» **BRIEF**
Copy each line of the records below that has "Defs" in it.

» **Saved entries**
(* Let $Y$ be a dense subspace of a topological space $X$. If \textsc{Bob} has a winning strategy in $\mathsf{BM}_\mathrm{fin}(Y)$, then \textsc{Bob} has a winning strategy in $\mathsf{BM}_\mathrm{fin}(X)$.
   Context: The game $\mathsf{BM}_\mathrm{fin}(Z)$ on a space $Z$: \textsc{Alice} plays a non-empty open set $A_0$; \textsc{Bob} plays a finite collection $\mathcal{B}_0$ of non-empty open subsets of $A_0$; in inning $n+1$, for each $B \in \mathcal{B}_n$ \textsc{Alice} plays a non-empty open set $A_B \subseteq B$, letting $\mathcal{A}_{n+1}=\{A_B : B\in\mathcal{B}_n\}$, and \textsc{Bob} plays a finite collection $\mathcal{B}_{n+1}$ of non-empty open subsets of $\bigcup\mathcal{A}_{n+1}$; \textsc{Bob} wins if $\bigcap_{n}\bigcup\mathcal{B}_n\neq\emptyset$, otherwise \textsc{Alice} wins. *)

From HB Require Import structures.
From mathcomp Require Import all_boot all_order all_algebra.
From mathcomp Require Import all_classical all_reals all_analysis.
Set Implicit Arguments. Unset Strict Implicit. Unset Printing Implicit Defensive.
Local Open Scope classical_set_scope.

(** Finite collections are encoded as lists
    [seq (set T)] (Bob is required to list pairwise distinct sets).
    To make the innings uniform we regard the start of the game as Bob
    having played the one-element collection [:: setT]; Alice's move in
    inning n is a function [a : nat -> set T], where [a i] is her answer
    A_B to the i-th set B of Bob's previous collection (values at indices
    >= size of that collection are irrelevant). *)

Definition bigU {T} (s : seq (set T)) : set T :=
  [set x | exists2 i, (i < size s)%N & nth set0 s i x].

(** A strategy of Bob: from the history of Alice's moves
    [a_0; ...; a_n] it returns Bob's collection B_n. *)
Definition bob_strategy (T : Type) := seq (nat -> set T) -> seq (set T).

Section BMfin.
Context {T : topologicalType}.
Implicit Types (sigma : bob_strategy T) (alpha : nat -> nat -> set T).

Definition bob_move sigma alpha (n : nat) : seq (set T) :=
  sigma (mkseq alpha n.+1).

Definition prev_coll sigma alpha (n : nat) : seq (set T) :=
  if n is m.+1 then bob_move sigma alpha m else [:: setT].

Definition alice_legal sigma alpha (n : nat) : Prop :=
  forall i, (i < size (prev_coll sigma alpha n))%N ->
    [/\ open (alpha n i), alpha n i !=set0 &
        alpha n i `<=` nth set0 (prev_coll sigma alpha n) i].

Definition bob_legal sigma alpha (n : nat) : Prop :=
  let B := bob_move sigma alpha n in
  (forall i, (i < size B)%N ->
    [/\ open (nth set0 B i), nth set0 B i !=set0 &
        nth set0 B i `<=` bigU (mkseq (alpha n) (size (prev_coll sigma alpha n)))])
  /\ (forall i j, (i < j)%N -> (j < size B)%N -> nth set0 B i <> nth set0 B j).

Definition bob_winning sigma : Prop :=
  forall alpha,
    (forall n, (forall m, (m <= n)%N -> alice_legal sigma alpha m) ->
               bob_legal sigma alpha n) /\
    ((forall n, alice_legal sigma alpha n) ->
       (\bigcap_n bigU (bob_move sigma alpha n)) !=set0).

End BMfin.

Definition BMfin_bob_wins (T : topologicalType) : Prop :=
  exists sigma : bob_strategy T, bob_winning sigma.

From Pilot Require Import Defs.
From HB Require Import structures.
From mathcomp Require Import all_boot all_order all_algebra.
From mathcomp Require Import all_classical all_reals all_analysis.
Local Open Scope classical_set_scope.

(** Bob in X simulates his winning strategy in Y on the traces [A `&` Y] of
    Alice's moves, which are nonempty open sets of Y because Y is dense.  He
    answers a set V open in Y by the largest open set of X whose trace lies
    in V, cut down to the union of Alice's current moves; the trace of this
    answer is exactly V.  Hence his moves in X are legal and pairwise
    distinct, and a point of Y that survives the simulated play also
    survives the play in X. *)

(* Otherwise [bigU] resolves to the lemma [bigop.bigU]. *)
Local Notation bigU := Defs.bigU.

Lemma bigU_mkseq T (a : nat -> set T) k :
  bigU (mkseq a k) = \bigcup_(j in `I_k) a j.
Proof.
apply/seteqP; split=> x [j]; rewrite ?size_mkseq => jk.
  by rewrite nth_mkseq // => ajx; exists j.
by move=> ajx; exists j; rewrite ?size_mkseq ?nth_mkseq.
Qed.

Lemma preimage_bigU A B (f : A -> B) (s : seq (set B)) :
  f @^-1` bigU s = bigU (map (preimage f) s).
Proof.
apply/seteqP; split=> x [i]; rewrite ?size_map => si.
  by move=> sfx; exists i; rewrite ?size_map ?(nth_map set0).
by rewrite (nth_map set0) // => sfx; exists i.
Qed.

Section dense_subspace.
Context {X : topologicalType} {Y : set X}.
Let S : topologicalType := set_type Y.
Let sv : S -> X := @set_val X Y.

Lemma open_subspaceP (V : set S) :
  open V <-> exists2 A, open A & sv @^-1` A = V.
Proof. by []. Qed.

Lemma dense_preimage_neq0 (A : set X) :
  dense Y -> open A -> A !=set0 -> sv @^-1` A !=set0.
Proof.
move=> dY oA A0; have [x [Ax Yx]] := dY A A0 oA.
by exists (exist _ x (mem_set Yx)).
Qed.

Definition extend (V : set S) : set X :=
  \bigcup_(U in [set U | open U /\ sv @^-1` U `<=` V]) U.

Lemma open_extend V : open (extend V).
Proof. by apply: bigcup_open => U []. Qed.

Lemma preimage_extendS V : sv @^-1` extend V `<=` V.
Proof. by move=> y [U [_ UV] Uy]; exact: UV. Qed.

Lemma preimage_extendI (V : set S) (U : set X) :
  open V -> V `<=` sv @^-1` U -> sv @^-1` (extend V `&` U) = V.
Proof.
move=> /open_subspaceP[A oA AV] VU; apply/seteqP; split=> y.
  by move=> [Ey _]; exact: preimage_extendS Ey.
move=> Vy; split; last exact: VU.
by exists A; [split; rewrite // AV | rewrite -AV in Vy].
Qed.

Definition trace_move (a : nat -> set X) : nat -> set S :=
  fun i => sv @^-1` a i.

Hypothesis dY : dense Y.
Variable sigma : bob_strategy S.

(* Alice's move is a function on all of nat, meaningful only below the size
   of the collection she answers, so Bob recomputes that collection of the
   simulated play from the history. *)
Definition answered_coll (h : seq (nat -> set X)) : seq (set S) :=
  if (size h).-1 is n.+1 then sigma (map trace_move (take n.+1 h))
  else [:: setT].

Definition lift_strategy : bob_strategy X := fun h =>
  [seq extend V `&` bigU (mkseq (last (fun=> setT) h) (size (answered_coll h)))
  | V <- sigma (map trace_move h)].

Section play.
Variable alpha : nat -> nat -> set X.
Let beta : nat -> nat -> set S := fun n => trace_move (alpha n).

Definition lift_set n (V : set S) : set X :=
  extend V `&` bigU (mkseq (alpha n) (size (prev_coll sigma beta n))).

Lemma map_trace_mkseq k : map trace_move (mkseq alpha k) = mkseq beta k.
Proof. by rewrite /mkseq -map_comp. Qed.

Lemma answered_collE n :
  answered_coll (mkseq alpha n.+1) = prev_coll sigma beta n.
Proof.
rewrite /answered_coll size_mkseq; case: n => [|n] //.
rewrite -[LHS]/(sigma (map trace_move (take n.+1 (mkseq alpha n.+2)))).
by rewrite mkseqS -cats1 take_size_cat ?size_mkseq // map_trace_mkseq.
Qed.

Lemma bob_move_lift n :
  bob_move lift_strategy alpha n = map (lift_set n) (bob_move sigma beta n).
Proof.
by rewrite /bob_move /lift_strategy answered_collE [in last _ _]mkseqS last_rcons
  map_trace_mkseq.
Qed.

Lemma size_prev_coll_lift n :
  size (prev_coll lift_strategy alpha n) = size (prev_coll sigma beta n).
Proof. by case: n => //= n; rewrite bob_move_lift size_map. Qed.

Lemma preimage_lift_set n V : open V ->
  V `<=` bigU (mkseq (beta n) (size (prev_coll sigma beta n))) ->
  sv @^-1` lift_set n V = V.
Proof.
move=> oV Vsub; apply: preimage_extendI; rewrite // preimage_bigU.
by rewrite /mkseq -map_comp; exact: Vsub.
Qed.

Lemma preimage_lift_bob_move n : bob_legal sigma beta n ->
  {in bob_move sigma beta n, forall V, sv @^-1` lift_set n V = V}.
Proof.
move=> [bL _] V /(nthP set0)[i ilt <-].
by have [oV _ Vsub] := bL i ilt; exact: preimage_lift_set.
Qed.

Lemma preimage_bigU_bob_move_lift n : bob_legal sigma beta n ->
  sv @^-1` bigU (bob_move lift_strategy alpha n) = bigU (bob_move sigma beta n).
Proof.
move=> /preimage_lift_bob_move liftK.
rewrite bob_move_lift preimage_bigU -map_comp; congr bigU.
by rewrite -[RHS]map_id; exact/eq_in_map.
Qed.

Lemma preimage_prev_coll_lift n i : (i < size (prev_coll sigma beta n))%N ->
  sv @^-1` nth set0 (prev_coll lift_strategy alpha n) i
  `<=` nth set0 (prev_coll sigma beta n) i.
Proof.
case: n => [|n] /=; first by case: i => [|[]].
by move=> ilt; rewrite bob_move_lift (nth_map set0) // => y [/preimage_extendS].
Qed.

Lemma alice_legal_trace n :
  alice_legal lift_strategy alpha n -> alice_legal sigma beta n.
Proof.
move=> aL i ilt; have [oA A0 Asub] := aL i (ltac:(by rewrite size_prev_coll_lift)).
split; first by apply/open_subspaceP; exists (alpha n i).
  exact: dense_preimage_neq0.
by move=> y Ay; apply: preimage_prev_coll_lift => //; exact: Asub.
Qed.

Lemma bob_legal_lift n :
  alice_legal lift_strategy alpha n -> bob_legal sigma beta n ->
  bob_legal lift_strategy alpha n.
Proof.
move=> aL bobL; have [bL bD] := bobL.
have liftK i : (i < size (bob_move sigma beta n))%N ->
    sv @^-1` lift_set n (nth set0 (bob_move sigma beta n) i) =
    nth set0 (bob_move sigma beta n) i.
  by move=> ilt; apply: preimage_lift_bob_move bobL _ (mem_nth set0 ilt).
rewrite /bob_legal bob_move_lift size_map; split=> [i ilt|i j ij jlt].
  rewrite (nth_map set0) //; have [oV [y Vy] _] := bL i ilt; split.
  - apply: openI; first exact: open_extend.
    rewrite bigU_mkseq; apply: bigcup_open => j.
    by rewrite /= -size_prev_coll_lift => /aL[].
  - by exists (sv y); rewrite -(liftK i ilt) in Vy.
  - by move=> x [_]; rewrite size_prev_coll_lift.
have ilt := ltn_trans ij jlt; rewrite !(nth_map set0) // => eqij.
by apply: (bD i j ij jlt); rewrite -liftK // eqij liftK.
Qed.

End play.

Lemma bob_winning_lift : bob_winning sigma -> bob_winning lift_strategy.
Proof.
move=> win alpha; have [legal survive] := win (fun n => trace_move (alpha n)).
have legal_trace n : (forall m, (m <= n)%N -> alice_legal lift_strategy alpha m) ->
    bob_legal sigma (fun n => trace_move (alpha n)) n.
  by move=> aL; apply: legal => m mn; apply/alice_legal_trace/aL.
split=> [n aL|aL]; first by apply: bob_legal_lift (aL n _) (legal_trace n aL).
have [y Iy] := survive (fun n => alice_legal_trace _ _ (aL n)).
exists (sv y) => n _; have := Iy n I.
by rewrite -preimage_bigU_bob_move_lift //; exact: legal_trace.
Qed.

End dense_subspace.

Theorem lemma4p9 (X : topologicalType) (Y : set X) :
  dense Y -> BMfin_bob_wins (set_type Y) -> BMfin_bob_wins X.
Proof.
by move=> dY [sigma win]; exists (lift_strategy sigma); exact: bob_winning_lift.
Qed.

» **EXPECTED OUTPUT**
From Pilot Require Import Defs.
Local Notation bigU := Defs.bigU.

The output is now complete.